Microbial Community Responses to Temperature Variations: Shaping Bioclogging Dynamics in Intermittent Stream Sediments

Bioclogging in intermittent streams influences hyporheic flow, nutrient cycling, and ecosystem biodiversity. Disconnected pools, characterized by elevated nutrient concentrations and temperatures ranging from 20 to 45°C, provide a unique setting for studying bioclogging dynamics in arid and semiarid regions. Despite this importance, the impact of temperature on microbial communities driving bioclogging remains underexplored. Through 77-day biofilm culture column experiments, hydrodynamic monitoring, sediment microbial community analysis, and resazurin tracer tests, this study investigates how different temperatures (20°C, 30°C, and 40°C) shape microbial diversity, community interactions, and bioclogging processes. Results showed that microbial diversity increased with temperature, with the highest species richness and evenness observed at 40°C. Proteobacteria, a dominant taxon, maintained broad ecological niches across all temperatures, whereas niche differentiation became more pronounced at 40°C, reducing competition between taxa.
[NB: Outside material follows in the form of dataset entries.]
(* There is a functor $U:\mathsf C(\mathcal A,\mathcal P,\mathcal X)\to\mathbf{DBoo}$ defined on objects by $U(A,Z,p)=(A,C_p,\mathbb B_p)$ and on morphisms by $U(\varphi,g,f)=\varphi$.
   Context: $\mathsf C(\mathcal A,\mathcal P,\mathcal X)$: objects are triples $(A,Z,p)$ with $A$ a complete Boolean algebra, $Z$ an open dense subset of the Stone space $\mathrm{Ult}(A)$ (basic clopen sets $\varepsilon_A(a)=\{\mathfrak u\mid a\in\mathfrak u\}$), and $p:Z\to Y$ a perfect irreducible continuous surjection onto a locally compact Hausdorff space $Y$; morphisms $(\varphi,g,f):(A,Z,p)\to(A',Z',p')$ consist of a Boolean homomorphism $\varphi:A\to A'$, the map $g:Z'\to Z$, $g(\mathfrak u')=\varphi^{-1}(\mathfrak u')$, and a map $f:Y'\to Y$ with $p\circ g=f\circ p'$; composition is componentwise. Here $a\,C_p\,b$ iff $p(\varepsilon_A(a)\cap Z)\cap p(\varepsilon_A(b)\cap Z)\ne\emptyset$, and $\mathbb B_p=\{a\in A\mid\varepsilon_A(a)\subseteq Z\}$; $(A,C_p,\mathbb B_p)$ is a complete local contact algebra (Boolean algebra with contact relation and ideal of bounded elements satisfying the standard axioms). $\mathbf{DBoo}$: objects complete local contact algebras; morphisms $\varphi:(A_1,C_1,\mathbb B_1)\to(A_2,C_2,\mathbb B_2)$ are Boolean homomorphisms reflecting contact ($\varphi(a)\,C_2\,\varphi(b)\Rightarrow a\,C_1\,b$) such that for each $b'\in\mathbb B_2$ there is $b\in\mathbb B_1$ with $b'\le\varphi(b)$; composition is map composition. *)

From HB Require Import structures.
From mathcomp Require Import all_boot all_order.
From mathcomp Require Import boolp classical_sets cardinality topology.

Set Implicit Arguments.
Unset Strict Implicit.
Unset Printing Implicit Defensive.

Import Order.TTheory.
Local Open Scope classical_set_scope.
Local Open Scope order_scope.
Stochastic processes, such as random dispersal and migration, gained prominence, with migration rates (i.e., a dimensionless metric) rising from 0.47 at 20°C to 0.86 at 40°C. Bioclogging rates also declined as microbial activity concentrated near the sediment-water interface, resulting in a 21.4% reduction in clogging at 40°C compared to 20°C. These findings highlight the significant influence of temperature on microbial community assembly, sediment permeability, and bioclogging extent. They underscore the need to consider microbial dynamics in water resource management, particularly in arid regions where temperature-driven changes could affect nutrient cycling and water connectivity. Integrating microbial interactions and temperature effects into bioclogging models could enhance predictions of climate change impacts on stream ecosystems, providing a more comprehensive understanding of potential future scenarios.